No. 1 – Joventut Badalona
- Position: Shooting guard / small forward
- League: Liga ACB

Personal information
- Born: 16 October 2002 (age 23) Amsterdam, Netherlands
- Listed height: 2.02 m (6 ft 8 in)
- Listed weight: 94 kg (207 lb)

Career information
- High school: Orange Lions Academy (Amsterdam, Netherlands)
- Playing career: 2020–present

Career history
- 2020–2026: Joventut Badalona
- 2020–2022: →Prat
- 2026–present: Dubai Basketball
- 2026–present: →Joventut Badalona

Career highlights
- All-Liga ACB Young Team (2024); Spanish Supercup winner (2026);

= Yannick Kraag =

Dutch basketball player (born 2002)

Yannick Kraag (born 16 October 2002) is a Dutch basketball player for Joventut Badalona of the Spanish Liga ACB, on loan from Dubai Basketball. Standing at , he plays as shooting guard or small forward. He also plays for the Netherlands national team.

==Early life==
Born in Amsterdam, Kraag played for BC Triple Threat in his younger years and later for the Orange Lions Academy, the affiliated youth training programme of the national federation Basketball Nederland.

==Professional career==
In 2019, Kraag signed with Spanish club Joventut Badalona. In his first year, he played in the U18 team of the club. During the 2020–21 season, he played for CB Prat in the LEB Oro. On 1 November, he made his debut for Joventut in a Liga ACB game against Estudiantes at age 18.

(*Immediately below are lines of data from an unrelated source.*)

(* Let $G$ be a reduced strongly co-Hopfian abelian group with torsion subgroup $T=\bigoplus_p T_p$. Then each $T_p$ is finite, and $G\cong \hat G$ for some subgroup $\hat G$ with $T\le \hat G\le \prod_p T_p$ (where $T$ is identified with $\bigoplus_p T_p\le\prod_p T_p$) such that $\hat G/T$ is torsion-free and divisible. In particular, if infinitely many $T_p$ are non-zero, $G$ is an sp-group.
   Context: All groups are abelian. A group $G$ is strongly co-Hopfian if for every endomorphism $f$ of $G$ there is $n\in\mathbb N$ with $f^n(G)=f^{n+1}(G)$. $T$ denotes the maximal torsion subgroup of $G$ and $T_p$ its $p$-primary component. A mixed group $G$ with infinitely many non-zero $p$-components $T_p$ is an sp-group if $G$ is (isomorphic to) a pure subgroup of $\prod_p T_p$ containing $\bigoplus_p T_p$. *)

From mathcomp Require Import all_boot all_order all_algebra.
Set Implicit Arguments.
Unset Strict Implicit.
Unset Printing Implicit Defensive.
Import GRing.Theory.
Local Open Scope ring_scope.

Section AbGroups.
Variable G : zmodType.

Definition is_endo (f : G -> G) : Prop := forall x y, f (x + y) = f x + f y.

Definition strongly_coHopfian : Prop :=
  forall f : G -> G, is_endo f ->
    exists n : nat, forall y : G,
      (exists x, iter n f x = y) <-> (exists x, iter n.+1 f x = y).

Definition is_subgroup (D : G -> Prop) : Prop :=
  D 0 /\ (forall x y, D x -> D y -> D (x + y)) /\ (forall x, D x -> D (- x)).

Definition divisible_sub (D : G -> Prop) : Prop :=
  forall d (n : nat), D d -> (0 < n)%N -> exists e, D e /\ e *+ n = d.

Definition reduced : Prop :=
  forall D, is_subgroup D -> divisible_sub D -> forall x, D x -> x = 0.

Definition torsion (x : G) : Prop := exists n : nat, (0 < n)%N /\ x *+ n = 0.
Definition p_comp (p : nat) (x : G) : Prop := exists k : nat, x *+ (p ^ k) = 0.

Definition finite_set (A : G -> Prop) : Prop :=
  exists s : seq G, forall x, A x -> x \in s.

Definition infinitely_many_Tp : Prop :=
  forall N : nat, exists p : nat, (N < p)%N /\ prime p /\
    exists x, p_comp p x /\ x != 0.

(* The product  prod_p T_p  is modelled as the functions v : nat -> G with
   v p in T_p for primes p and v n = 0 for non-primes n, with pointwise
   operations. *)
Definition in_prodT (v : nat -> G) : Prop :=
  (forall p, prime p -> p_comp p (v p)) /\ (forall n, ~~ prime n -> v n = 0).

(* the direct sum  (+)_p T_p  inside the product: finitely supported elements *)
Definition fin_supp (v : nat -> G) : Prop :=
  exists N : nat, forall n, (N <= n)%N -> v n = 0.

Definition in_sumT (v : nat -> G) : Prop := in_prodT v /\ fin_supp v.

(* phi : G -> prod_p T_p is an injective homomorphism (so G is isomorphic
   to its image  Ghat = phi(G)  ). *)
Definition embeds_into_prodT (phi : G -> nat -> G) : Prop :=
  (forall x, in_prodT (phi x)) /\
  (forall x y n, phi (x + y) n = phi x n + phi y n) /\
  (forall x y, (forall n, phi x n = phi y n) -> x = y).

Definition image_contains_sumT (phi : G -> nat -> G) : Prop :=
  forall v, in_sumT v -> exists x, forall n, phi x n = v n.

(* phi(G) / (+)_p T_p is torsion-free *)
Definition quotient_torsion_free (phi : G -> nat -> G) : Prop :=
  forall x (m : nat), (0 < m)%N ->
    fin_supp (fun n => phi x n *+ m) -> fin_supp (phi x).

(* phi(G) / (+)_p T_p is divisible *)
Definition quotient_divisible (phi : G -> nat -> G) : Prop :=
  forall x (m : nat), (0 < m)%N ->
    exists y, fin_supp (fun n => phi y n *+ m - phi x n).

Definition image_pure (phi : G -> nat -> G) : Prop :=
  forall x (m : nat), (0 < m)%N ->
    (exists v, in_prodT v /\ forall n, v n *+ m = phi x n) ->
    exists y, forall n, phi y n *+ m = phi x n.

Definition sp_group : Prop :=
  infinitely_many_Tp /\
  exists phi, embeds_into_prodT phi /\ image_contains_sumT phi /\ image_pure phi.

End AbGroups.

(* For a prime p, multiplication by p is an endomorphism, so strong co-Hopficity
   gives N with p^N G = p^(N+1) G.  This stable image is p-divisible, so its
   p-torsion is a divisible subgroup and vanishes because G is reduced; hence
   G = G[p^N] (+) p^N G and T_p = G[p^N] is a bounded direct summand.
   A summand S bounded by p^(k+1) is finite.  Choose greedily x_0, x_1, ... in S
   with p^k x_j outside the span of the earlier p^k x_i.  If the choice never
   stops, the x_j span a copy of (+) Z/p^(k+1), which is injective over
   Z/p^(k+1) (Baer's criterion and Zorn's lemma) and hence a summand; the shift
   x_j |-> x_(j+1) after the projection onto it is an endomorphism whose
   iterated images never stabilise.  If it stops, the x_j span a finite summand
   with a complement bounded by p^k, and we induct on k.
   Finally x |-> (x_p)_p, with x_p the T_p-component of x, embeds G in the
   product of the T_p: its kernel, the intersection of the p^N G, is divisible
   and thus zero; its image contains the direct sum of the T_p; and modulo that
   sum the image is torsion-free and divisible, because x is congruent modulo
   T_p to an element of p^N G = p^(N+1) G. *)

From mathcomp Require Import all_boot all_order all_algebra.
From mathcomp Require classical_sets.
From Stdlib Require Import Classical ClassicalEpsilon Wf_nat.
Set Implicit Arguments.
Unset Strict Implicit.
Unset Printing Implicit Defensive.
Import GRing.Theory.
Local Open Scope ring_scope.

Lemma exists_least (P : nat -> Prop) :
  (exists n, P n) -> exists2 m, P m & forall i, (i < m)%N -> ~ P i.
Proof.
move=> exP; have [m [[Pm minm] _]] :=
  dec_inh_nat_subset_has_unique_least_element P (fun n => classic (P n)) exP.
exists m => // i ltim Pi; move: ltim; rewrite ltnNge => /negP; apply.
exact/leP/minm.
Qed.

Lemma prime_mul_ind (P : nat -> Prop) :
  P 1%N -> (forall q n, prime q -> P n -> P (q * n)%N) ->
  forall n, (0 < n)%N -> P n.
Proof.
move=> P1 PqM; elim/ltn_ind=> n IH n_gt0.
have [n_le1|n_gt1] := leqP n 1.
  by have -> : n = 1%N by apply/eqP; rewrite eqn_leq n_le1.
have q_pr := pdiv_prime n_gt1.
rewrite -(divnK (pdiv_dvd n)) mulnC; apply: PqM => //.
apply: IH; first exact: ltn_Pdiv (prime_gt1 q_pr) n_gt0.
by rewrite divn_gt0 ?prime_gt0 // dvdn_leq // pdiv_dvd.
Qed.

Section Multiples.
Variable G : zmodType.
Implicit Types (x y : G) (D : G -> Prop) (f : G -> G) (u : nat -> G).

Lemma mulrn_dvd_eq0 x m k : x *+ m = 0 -> (m %| k)%N -> x *+ k = 0.
Proof. by move=> xm /dvdnP[q ->]; rewrite mulnC mulrnA xm mul0rn. Qed.

Lemma mulrn_coprime_eq0 x a b : coprime a b -> x *+ a = 0 -> x *+ b = 0 -> x = 0.
Proof.
move=> /eqP cop_ab xa xb; case: (posnP a) => [a0|a_gt0].
  by rewrite -[x]mulr1n -cop_ab a0 gcd0n.
have [t _ /dvdnP[q def_q]] := Bezoutl b a_gt0.
have : x *+ (gcdn a b + t * b) = 0.
  by rewrite def_q (mulrn_dvd_eq0 xa) // dvdn_mull.
by rewrite mulrnDr (mulrn_dvd_eq0 xb (dvdn_mull t (dvdnn b))) addr0 cop_ab.
Qed.

Lemma mulrn_coprime_div x a n : coprime a n -> x *+ a = 0 -> exists m, x *+ m *+ n = x.
Proof.
case: (posnP n) => [->|n_gt0].
  by rewrite /coprime gcdn0 => /eqP->; exists 0%N; rewrite mulr0n.
move=> /eqP cop_an xa; case: (egcdnP a n_gt0) => ka kn def_g _.
exists ka; rewrite -mulrnA def_g mulrnDr gcdnC cop_an.
by rewrite (mulrn_dvd_eq0 xa) ?add0r // dvdn_mull.
Qed.

Lemma mulrn_prime_small_eq0 x q a m :
  prime q -> x *+ q ^ a = 0 -> x *+ m = 0 -> (0 < m < q)%N -> x = 0.
Proof.
move=> q_pr xq xm /andP[m_gt0 lt_mq]; apply: (mulrn_coprime_eq0 _ xq xm).
apply: coprimeXl; rewrite prime_coprime //; apply/negP => /(dvdn_leq m_gt0).
by rewrite leqNgt lt_mq.
Qed.

Lemma oppr_mulrn_pred x q : (0 < q)%N -> x *+ q = 0 -> - x = x *+ q.-1.
Proof. by move=> q_gt0 xq; apply/eqP; rewrite eq_sym -addr_eq0 -mulrSr prednK // xq. Qed.

Lemma subgroup_mulrn D x k : is_subgroup D -> D x -> D (x *+ k).
Proof.
move=> [D0 [DD _]] Dx; elim: k => [|k IH]; first by rewrite mulr0n.
by rewrite mulrS; apply: DD.
Qed.

Lemma mulrn_kernel_subgroup n : is_subgroup (fun x : G => x *+ n = 0).
Proof.
split; first exact: mul0rn.
by split=> [x y xn yn|x xn]; rewrite ?mulrnDl ?mulNrn ?xn ?yn ?addr0 ?oppr0.
Qed.

Lemma prime_divisible D :
  (forall q d, prime q -> D d -> exists e, D e /\ e *+ q = d) -> divisible_sub D.
Proof.
move=> Dq d n Dd n_gt0; move: n n_gt0 d Dd.
apply: (@prime_mul_ind (fun n => forall d, D d -> exists e, D e /\ e *+ n = d)).
  by move=> d Dd; exists d.
move=> q n q_pr IH d /IH[e1 [De1 <-]]; have [e [De <-]] := Dq q e1 q_pr De1.
by exists e; rewrite mulrnA.
Qed.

In August 2026, Dubai Basketball signed Kraag, but loaned him to Joventut Badalona for the 2026–27 season.

==National team career==
Kraag was selected for the Netherlands national basketball team as part of the roster for the EuroBasket 2022 qualifiers in November 2020.

On 12 November 2022, Kraag made his senior debut for the Netherlands senior team in a 77–96 home loss to Ukraine. He had 15 points and 7 rebounds as a starter.

== Personal life ==
He is the grandson of Lygia Kraag-Keteldijk, a Surinamese former politician.